▶ _Supplied entries_
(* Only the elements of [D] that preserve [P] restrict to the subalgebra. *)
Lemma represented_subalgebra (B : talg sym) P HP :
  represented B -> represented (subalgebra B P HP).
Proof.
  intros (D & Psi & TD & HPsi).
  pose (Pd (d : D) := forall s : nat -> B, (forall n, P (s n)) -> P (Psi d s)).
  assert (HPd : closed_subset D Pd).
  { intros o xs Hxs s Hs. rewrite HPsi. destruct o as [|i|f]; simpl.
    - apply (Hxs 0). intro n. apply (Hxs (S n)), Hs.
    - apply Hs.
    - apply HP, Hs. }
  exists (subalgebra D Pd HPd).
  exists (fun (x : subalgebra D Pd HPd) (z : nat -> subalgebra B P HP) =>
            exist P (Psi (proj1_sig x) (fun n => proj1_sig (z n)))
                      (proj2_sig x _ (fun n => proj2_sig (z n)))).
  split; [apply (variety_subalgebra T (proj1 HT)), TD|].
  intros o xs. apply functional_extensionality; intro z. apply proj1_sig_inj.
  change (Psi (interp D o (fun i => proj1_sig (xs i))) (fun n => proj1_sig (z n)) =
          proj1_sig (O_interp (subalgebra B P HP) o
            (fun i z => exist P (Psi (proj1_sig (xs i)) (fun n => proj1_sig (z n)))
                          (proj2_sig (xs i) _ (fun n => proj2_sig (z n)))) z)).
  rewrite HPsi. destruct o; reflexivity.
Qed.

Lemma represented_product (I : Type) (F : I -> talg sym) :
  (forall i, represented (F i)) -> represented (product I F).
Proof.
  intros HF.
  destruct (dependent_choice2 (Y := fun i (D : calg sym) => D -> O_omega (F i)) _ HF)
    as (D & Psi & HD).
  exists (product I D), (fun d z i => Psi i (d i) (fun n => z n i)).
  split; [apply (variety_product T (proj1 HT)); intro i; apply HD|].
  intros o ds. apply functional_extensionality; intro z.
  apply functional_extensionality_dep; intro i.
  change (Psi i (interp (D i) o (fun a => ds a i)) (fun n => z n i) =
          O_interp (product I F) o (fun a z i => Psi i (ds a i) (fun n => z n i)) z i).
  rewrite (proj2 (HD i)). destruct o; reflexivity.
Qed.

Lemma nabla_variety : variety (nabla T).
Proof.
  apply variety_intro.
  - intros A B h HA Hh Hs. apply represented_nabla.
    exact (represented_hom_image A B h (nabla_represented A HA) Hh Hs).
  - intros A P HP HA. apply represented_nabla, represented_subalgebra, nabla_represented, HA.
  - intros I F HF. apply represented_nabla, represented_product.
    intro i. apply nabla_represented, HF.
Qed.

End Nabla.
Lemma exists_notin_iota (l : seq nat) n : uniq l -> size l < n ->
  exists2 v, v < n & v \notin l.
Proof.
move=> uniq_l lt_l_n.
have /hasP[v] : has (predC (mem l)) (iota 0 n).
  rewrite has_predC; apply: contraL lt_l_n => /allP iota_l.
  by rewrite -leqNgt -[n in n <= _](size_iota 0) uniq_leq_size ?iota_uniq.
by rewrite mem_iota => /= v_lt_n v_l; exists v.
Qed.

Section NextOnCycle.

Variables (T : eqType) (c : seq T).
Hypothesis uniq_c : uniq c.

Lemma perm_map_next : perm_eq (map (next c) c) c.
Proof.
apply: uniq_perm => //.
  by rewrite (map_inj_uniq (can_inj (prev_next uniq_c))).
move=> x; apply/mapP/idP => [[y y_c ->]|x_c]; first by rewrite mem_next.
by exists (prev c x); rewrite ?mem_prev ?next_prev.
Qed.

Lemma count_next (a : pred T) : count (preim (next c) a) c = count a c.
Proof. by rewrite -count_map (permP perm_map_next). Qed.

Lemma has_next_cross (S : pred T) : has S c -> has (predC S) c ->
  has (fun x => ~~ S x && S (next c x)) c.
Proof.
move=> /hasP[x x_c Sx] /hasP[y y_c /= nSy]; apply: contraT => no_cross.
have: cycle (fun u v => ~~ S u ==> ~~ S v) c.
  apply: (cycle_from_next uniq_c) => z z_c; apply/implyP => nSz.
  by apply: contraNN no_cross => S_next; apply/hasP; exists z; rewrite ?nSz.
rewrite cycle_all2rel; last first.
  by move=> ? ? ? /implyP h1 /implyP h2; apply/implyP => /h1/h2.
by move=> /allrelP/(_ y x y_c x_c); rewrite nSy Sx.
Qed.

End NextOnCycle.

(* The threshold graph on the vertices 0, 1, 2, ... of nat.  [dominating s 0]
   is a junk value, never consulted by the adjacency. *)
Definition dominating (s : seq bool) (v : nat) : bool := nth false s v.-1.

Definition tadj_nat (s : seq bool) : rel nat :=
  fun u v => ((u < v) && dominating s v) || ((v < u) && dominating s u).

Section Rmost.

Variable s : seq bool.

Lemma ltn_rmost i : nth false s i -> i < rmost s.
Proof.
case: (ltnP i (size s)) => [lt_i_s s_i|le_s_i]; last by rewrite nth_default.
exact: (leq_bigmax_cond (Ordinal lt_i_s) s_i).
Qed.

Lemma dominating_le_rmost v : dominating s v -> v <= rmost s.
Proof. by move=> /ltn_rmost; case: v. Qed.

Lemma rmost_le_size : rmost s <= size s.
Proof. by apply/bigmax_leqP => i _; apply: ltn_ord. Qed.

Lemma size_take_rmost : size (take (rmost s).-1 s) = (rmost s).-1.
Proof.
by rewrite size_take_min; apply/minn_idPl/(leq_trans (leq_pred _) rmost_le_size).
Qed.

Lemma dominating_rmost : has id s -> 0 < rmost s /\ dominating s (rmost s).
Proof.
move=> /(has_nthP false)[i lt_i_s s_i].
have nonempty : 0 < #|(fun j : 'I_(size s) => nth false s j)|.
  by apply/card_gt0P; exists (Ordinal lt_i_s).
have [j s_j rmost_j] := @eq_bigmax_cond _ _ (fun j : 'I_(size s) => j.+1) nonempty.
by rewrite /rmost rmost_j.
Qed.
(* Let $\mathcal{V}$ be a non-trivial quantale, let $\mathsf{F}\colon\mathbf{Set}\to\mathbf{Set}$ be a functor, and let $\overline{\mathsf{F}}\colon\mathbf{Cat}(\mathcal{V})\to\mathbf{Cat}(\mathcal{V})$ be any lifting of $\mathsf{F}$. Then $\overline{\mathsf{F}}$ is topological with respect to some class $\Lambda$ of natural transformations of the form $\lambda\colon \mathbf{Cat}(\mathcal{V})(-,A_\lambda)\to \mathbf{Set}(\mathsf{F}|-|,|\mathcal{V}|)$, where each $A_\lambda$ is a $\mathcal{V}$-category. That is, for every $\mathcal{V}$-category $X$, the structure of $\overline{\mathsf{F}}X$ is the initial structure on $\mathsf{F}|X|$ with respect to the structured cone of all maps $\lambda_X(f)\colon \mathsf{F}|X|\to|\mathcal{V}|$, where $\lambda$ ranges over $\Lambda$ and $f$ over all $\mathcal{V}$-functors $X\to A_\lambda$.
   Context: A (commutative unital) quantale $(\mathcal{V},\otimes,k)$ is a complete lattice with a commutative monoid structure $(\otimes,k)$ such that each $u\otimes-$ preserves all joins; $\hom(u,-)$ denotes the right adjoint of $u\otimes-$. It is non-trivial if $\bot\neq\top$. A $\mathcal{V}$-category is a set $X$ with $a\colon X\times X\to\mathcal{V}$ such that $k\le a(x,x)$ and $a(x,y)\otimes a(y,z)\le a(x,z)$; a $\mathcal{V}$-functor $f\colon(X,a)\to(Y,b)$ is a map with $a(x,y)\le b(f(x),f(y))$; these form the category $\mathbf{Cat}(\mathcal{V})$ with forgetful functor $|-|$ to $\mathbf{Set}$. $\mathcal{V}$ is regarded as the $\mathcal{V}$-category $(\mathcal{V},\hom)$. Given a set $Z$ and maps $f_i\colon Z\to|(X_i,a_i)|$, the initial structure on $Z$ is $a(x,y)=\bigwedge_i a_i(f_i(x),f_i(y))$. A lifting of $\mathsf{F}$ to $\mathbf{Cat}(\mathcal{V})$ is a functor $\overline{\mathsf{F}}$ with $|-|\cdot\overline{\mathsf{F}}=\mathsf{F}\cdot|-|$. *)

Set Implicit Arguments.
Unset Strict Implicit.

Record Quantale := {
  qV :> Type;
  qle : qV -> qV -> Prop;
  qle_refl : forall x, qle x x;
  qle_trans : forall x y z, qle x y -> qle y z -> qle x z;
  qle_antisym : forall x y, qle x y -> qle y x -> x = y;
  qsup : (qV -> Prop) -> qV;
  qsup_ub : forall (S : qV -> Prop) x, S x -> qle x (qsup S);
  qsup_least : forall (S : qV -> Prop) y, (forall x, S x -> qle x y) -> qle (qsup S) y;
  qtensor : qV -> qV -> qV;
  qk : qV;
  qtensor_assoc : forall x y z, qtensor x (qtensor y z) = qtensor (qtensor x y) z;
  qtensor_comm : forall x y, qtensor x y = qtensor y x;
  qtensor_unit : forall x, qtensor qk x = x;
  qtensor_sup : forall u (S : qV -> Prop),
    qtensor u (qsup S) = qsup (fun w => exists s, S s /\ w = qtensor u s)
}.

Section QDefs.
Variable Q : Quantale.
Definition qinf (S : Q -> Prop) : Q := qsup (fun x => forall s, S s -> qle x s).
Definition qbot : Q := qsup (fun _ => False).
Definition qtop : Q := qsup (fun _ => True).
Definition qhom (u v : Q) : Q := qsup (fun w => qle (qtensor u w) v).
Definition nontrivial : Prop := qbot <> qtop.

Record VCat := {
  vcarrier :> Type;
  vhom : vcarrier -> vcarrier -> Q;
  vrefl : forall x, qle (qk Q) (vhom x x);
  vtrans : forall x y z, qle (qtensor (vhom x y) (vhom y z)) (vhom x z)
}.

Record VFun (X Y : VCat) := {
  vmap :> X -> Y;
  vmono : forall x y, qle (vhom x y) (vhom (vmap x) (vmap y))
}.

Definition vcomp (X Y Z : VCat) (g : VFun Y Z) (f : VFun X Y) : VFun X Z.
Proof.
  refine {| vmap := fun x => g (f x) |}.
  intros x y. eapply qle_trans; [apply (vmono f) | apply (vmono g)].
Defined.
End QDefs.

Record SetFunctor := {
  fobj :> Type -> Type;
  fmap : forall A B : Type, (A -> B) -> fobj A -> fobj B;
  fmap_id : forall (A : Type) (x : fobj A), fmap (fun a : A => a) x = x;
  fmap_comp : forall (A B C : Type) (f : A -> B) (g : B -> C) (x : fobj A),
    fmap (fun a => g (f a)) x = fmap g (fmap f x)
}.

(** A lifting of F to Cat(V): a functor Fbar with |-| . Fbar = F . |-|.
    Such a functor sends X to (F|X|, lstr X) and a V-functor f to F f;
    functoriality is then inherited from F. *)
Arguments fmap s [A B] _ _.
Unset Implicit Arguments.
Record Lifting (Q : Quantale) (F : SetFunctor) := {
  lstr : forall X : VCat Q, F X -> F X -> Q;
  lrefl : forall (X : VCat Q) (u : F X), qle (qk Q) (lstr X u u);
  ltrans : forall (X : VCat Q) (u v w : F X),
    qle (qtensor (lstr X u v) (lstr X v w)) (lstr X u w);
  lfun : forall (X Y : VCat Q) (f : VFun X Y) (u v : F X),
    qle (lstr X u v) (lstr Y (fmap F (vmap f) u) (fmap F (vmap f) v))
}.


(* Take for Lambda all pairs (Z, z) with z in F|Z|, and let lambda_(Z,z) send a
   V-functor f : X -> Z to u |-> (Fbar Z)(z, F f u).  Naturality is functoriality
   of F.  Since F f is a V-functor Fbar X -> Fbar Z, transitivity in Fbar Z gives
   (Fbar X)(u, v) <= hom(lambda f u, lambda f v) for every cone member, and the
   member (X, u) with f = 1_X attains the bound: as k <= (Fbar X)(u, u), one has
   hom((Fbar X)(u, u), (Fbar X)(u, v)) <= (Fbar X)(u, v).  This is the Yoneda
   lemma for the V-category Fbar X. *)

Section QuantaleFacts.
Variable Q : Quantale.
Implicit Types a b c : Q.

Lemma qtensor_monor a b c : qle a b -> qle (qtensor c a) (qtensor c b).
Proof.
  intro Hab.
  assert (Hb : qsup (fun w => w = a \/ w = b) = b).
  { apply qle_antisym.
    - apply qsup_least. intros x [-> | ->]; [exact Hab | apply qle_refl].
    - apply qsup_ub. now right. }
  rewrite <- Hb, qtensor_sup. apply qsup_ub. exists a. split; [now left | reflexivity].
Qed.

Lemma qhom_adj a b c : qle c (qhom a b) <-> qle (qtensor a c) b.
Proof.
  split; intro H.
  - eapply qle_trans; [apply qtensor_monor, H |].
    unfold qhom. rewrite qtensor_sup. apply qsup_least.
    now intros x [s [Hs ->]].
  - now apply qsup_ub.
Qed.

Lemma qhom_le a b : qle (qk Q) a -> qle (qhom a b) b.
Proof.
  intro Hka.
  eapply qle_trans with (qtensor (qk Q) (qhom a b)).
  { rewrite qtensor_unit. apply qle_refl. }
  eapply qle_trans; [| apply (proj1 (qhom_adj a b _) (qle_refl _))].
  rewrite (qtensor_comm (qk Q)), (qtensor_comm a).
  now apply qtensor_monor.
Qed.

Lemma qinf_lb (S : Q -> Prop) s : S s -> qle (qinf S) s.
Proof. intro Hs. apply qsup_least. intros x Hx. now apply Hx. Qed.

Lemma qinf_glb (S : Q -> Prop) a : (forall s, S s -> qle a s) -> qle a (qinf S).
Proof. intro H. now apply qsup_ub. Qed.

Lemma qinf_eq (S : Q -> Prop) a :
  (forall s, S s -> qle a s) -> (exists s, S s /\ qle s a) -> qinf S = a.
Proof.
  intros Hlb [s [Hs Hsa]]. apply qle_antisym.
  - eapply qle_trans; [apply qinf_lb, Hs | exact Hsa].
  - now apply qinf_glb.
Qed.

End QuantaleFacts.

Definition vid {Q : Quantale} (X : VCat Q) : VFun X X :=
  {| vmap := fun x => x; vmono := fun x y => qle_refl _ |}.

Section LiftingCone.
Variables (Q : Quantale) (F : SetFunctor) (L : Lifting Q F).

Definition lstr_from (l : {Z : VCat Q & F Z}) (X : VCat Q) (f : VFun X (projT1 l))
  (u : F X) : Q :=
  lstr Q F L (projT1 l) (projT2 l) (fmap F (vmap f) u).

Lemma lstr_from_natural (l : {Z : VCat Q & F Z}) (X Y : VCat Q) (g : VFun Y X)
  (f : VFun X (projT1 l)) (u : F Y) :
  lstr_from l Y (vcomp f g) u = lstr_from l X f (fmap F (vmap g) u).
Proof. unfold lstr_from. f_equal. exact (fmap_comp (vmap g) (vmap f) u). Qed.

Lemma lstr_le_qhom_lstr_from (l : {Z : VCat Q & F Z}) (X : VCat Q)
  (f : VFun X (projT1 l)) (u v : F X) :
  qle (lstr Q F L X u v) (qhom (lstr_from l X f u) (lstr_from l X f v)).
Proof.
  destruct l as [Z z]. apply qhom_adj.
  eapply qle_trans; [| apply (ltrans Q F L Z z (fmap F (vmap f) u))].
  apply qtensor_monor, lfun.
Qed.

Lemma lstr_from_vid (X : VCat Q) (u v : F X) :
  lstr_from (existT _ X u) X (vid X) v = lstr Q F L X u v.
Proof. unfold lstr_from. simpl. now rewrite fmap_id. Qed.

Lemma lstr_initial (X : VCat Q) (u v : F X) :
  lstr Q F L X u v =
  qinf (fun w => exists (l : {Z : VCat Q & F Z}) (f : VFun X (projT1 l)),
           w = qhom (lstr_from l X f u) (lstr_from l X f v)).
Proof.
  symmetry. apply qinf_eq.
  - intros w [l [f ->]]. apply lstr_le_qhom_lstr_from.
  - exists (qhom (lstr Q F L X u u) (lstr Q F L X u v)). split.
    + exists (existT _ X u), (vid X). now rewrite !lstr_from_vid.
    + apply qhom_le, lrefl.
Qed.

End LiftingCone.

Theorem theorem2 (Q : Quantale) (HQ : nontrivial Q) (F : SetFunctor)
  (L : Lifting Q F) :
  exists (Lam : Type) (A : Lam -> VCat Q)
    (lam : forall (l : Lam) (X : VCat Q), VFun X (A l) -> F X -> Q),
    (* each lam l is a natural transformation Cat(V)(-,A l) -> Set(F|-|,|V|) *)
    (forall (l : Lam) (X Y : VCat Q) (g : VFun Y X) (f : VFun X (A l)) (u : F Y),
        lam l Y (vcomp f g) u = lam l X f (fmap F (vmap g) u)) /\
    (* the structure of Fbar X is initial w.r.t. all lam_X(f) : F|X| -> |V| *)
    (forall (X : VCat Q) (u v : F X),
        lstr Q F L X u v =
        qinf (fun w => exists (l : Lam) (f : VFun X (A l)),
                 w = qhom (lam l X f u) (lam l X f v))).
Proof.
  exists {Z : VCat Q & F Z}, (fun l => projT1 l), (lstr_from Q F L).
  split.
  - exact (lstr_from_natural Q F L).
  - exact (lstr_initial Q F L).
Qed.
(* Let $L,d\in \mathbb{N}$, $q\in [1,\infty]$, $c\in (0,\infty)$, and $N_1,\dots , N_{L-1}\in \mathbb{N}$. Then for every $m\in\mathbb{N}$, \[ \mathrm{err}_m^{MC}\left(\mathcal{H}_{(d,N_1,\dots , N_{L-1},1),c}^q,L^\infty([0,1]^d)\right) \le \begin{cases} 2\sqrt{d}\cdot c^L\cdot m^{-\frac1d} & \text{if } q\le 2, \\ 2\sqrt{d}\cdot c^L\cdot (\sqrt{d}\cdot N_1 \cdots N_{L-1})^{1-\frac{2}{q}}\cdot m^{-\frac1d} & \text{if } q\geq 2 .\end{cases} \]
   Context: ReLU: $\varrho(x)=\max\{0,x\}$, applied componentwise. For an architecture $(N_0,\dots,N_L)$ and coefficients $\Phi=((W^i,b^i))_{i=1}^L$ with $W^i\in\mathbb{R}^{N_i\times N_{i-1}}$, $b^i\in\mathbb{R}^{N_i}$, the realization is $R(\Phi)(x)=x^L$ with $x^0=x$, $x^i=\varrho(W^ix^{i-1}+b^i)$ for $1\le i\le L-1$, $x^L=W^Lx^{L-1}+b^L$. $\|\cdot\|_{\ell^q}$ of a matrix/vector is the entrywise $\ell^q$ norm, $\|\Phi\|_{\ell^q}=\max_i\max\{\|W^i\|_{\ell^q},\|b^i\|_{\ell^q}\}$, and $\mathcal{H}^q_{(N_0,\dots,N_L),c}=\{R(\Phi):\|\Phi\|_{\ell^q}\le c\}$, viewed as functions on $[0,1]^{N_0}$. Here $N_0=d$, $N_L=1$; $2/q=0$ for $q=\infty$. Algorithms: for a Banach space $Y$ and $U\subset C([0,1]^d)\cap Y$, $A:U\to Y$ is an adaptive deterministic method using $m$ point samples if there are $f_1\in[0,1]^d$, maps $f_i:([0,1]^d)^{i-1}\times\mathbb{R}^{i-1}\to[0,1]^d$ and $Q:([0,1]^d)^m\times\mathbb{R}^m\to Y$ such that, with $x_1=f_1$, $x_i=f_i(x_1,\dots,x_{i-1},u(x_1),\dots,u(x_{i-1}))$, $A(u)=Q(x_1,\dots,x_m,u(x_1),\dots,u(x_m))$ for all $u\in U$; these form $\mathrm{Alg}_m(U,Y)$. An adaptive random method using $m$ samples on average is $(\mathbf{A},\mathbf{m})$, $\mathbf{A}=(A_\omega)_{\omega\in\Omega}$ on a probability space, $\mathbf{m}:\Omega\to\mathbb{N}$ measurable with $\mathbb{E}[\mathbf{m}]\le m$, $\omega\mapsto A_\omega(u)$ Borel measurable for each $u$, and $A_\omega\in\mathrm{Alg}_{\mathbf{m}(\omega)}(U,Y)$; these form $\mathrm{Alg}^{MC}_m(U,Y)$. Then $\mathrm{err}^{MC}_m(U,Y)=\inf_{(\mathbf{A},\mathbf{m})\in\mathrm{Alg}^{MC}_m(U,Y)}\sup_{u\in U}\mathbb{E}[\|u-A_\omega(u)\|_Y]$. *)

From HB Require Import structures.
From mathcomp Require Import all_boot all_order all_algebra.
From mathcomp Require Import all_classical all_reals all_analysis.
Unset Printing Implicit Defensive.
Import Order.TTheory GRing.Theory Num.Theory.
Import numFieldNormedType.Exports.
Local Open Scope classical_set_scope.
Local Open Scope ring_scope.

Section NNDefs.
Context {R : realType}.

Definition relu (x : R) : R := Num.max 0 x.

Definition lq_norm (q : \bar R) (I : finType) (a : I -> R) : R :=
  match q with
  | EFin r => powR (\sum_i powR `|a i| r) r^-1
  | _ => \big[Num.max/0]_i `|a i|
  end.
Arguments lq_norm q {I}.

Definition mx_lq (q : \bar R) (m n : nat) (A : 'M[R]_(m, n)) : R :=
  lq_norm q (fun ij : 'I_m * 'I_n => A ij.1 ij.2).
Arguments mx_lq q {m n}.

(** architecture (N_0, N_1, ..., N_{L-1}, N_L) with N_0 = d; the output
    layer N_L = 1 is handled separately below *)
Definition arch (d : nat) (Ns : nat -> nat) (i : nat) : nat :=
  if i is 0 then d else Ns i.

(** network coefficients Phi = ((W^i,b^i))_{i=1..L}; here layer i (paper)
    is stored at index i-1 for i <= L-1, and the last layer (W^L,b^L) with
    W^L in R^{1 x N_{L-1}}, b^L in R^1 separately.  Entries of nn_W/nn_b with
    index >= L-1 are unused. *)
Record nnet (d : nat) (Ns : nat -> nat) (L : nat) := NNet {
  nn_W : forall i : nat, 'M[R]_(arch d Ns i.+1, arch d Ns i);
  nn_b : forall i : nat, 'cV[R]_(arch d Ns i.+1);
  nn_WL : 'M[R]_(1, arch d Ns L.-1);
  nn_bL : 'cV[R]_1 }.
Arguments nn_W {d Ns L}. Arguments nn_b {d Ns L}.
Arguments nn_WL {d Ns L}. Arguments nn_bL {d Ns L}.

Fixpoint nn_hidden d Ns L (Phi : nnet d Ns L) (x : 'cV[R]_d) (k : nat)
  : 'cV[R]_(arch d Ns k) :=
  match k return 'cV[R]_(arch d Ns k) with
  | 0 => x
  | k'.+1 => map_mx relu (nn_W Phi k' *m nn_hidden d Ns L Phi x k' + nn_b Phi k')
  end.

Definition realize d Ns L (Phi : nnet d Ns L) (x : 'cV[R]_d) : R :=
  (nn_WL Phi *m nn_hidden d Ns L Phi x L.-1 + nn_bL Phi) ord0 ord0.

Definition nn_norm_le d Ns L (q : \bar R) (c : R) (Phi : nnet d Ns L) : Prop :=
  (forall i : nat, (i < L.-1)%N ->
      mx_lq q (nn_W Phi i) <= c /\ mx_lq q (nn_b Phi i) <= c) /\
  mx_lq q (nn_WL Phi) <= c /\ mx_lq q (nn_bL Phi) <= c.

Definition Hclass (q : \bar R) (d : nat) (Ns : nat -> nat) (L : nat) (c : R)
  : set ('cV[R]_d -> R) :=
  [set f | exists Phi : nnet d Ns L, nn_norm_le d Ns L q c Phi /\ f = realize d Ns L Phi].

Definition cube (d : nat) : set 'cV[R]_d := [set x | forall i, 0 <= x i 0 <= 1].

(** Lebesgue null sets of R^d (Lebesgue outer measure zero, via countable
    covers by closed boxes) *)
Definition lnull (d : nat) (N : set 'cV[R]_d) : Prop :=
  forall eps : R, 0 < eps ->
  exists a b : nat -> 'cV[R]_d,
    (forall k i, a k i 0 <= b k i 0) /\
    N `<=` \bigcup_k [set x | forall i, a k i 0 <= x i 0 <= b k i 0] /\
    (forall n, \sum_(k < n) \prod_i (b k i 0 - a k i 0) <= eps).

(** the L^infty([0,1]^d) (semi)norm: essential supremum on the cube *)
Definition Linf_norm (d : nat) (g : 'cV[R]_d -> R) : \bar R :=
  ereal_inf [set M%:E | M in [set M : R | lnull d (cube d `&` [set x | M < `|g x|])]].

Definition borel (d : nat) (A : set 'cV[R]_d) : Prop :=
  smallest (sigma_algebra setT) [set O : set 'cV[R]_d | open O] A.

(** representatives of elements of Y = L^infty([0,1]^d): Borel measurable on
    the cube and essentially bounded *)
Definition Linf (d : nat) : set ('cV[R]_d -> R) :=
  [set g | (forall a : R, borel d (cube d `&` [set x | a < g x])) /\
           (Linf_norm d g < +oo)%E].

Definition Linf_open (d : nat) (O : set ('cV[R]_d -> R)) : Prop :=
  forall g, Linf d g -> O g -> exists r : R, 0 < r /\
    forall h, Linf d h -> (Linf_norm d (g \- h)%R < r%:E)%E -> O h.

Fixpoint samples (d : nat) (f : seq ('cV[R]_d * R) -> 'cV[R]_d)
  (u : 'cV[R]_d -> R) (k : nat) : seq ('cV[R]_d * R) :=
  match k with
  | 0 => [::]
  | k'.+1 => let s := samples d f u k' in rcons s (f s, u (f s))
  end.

▶ _Exercise instructions_
Reproduce, exactly as they stand in the data above, the lines from the one that holds "Lemma has_next_cross (S" to the one that holds "Definition dominating (s", inclusive.

▶ _Exercise response_
Lemma has_next_cross (S : pred T) : has S c -> has (predC S) c ->
  has (fun x => ~~ S x && S (next c x)) c.
Proof.
move=> /hasP[x x_c Sx] /hasP[y y_c /= nSy]; apply: contraT => no_cross.
have: cycle (fun u v => ~~ S u ==> ~~ S v) c.
  apply: (cycle_from_next uniq_c) => z z_c; apply/implyP => nSz.
  by apply: contraNN no_cross => S_next; apply/hasP; exists z; rewrite ?nSz.
rewrite cycle_all2rel; last first.
  by move=> ? ? ? /implyP h1 /implyP h2; apply/implyP => /h1/h2.
by move=> /allrelP/(_ y x y_c x_c); rewrite nSy Sx.
Qed.

End NextOnCycle.

(* The threshold graph on the vertices 0, 1, 2, ... of nat.  [dominating s 0]
   is a junk value, never consulted by the adjacency. *)
Definition dominating (s : seq bool) (v : nat) : bool := nth false s v.-1.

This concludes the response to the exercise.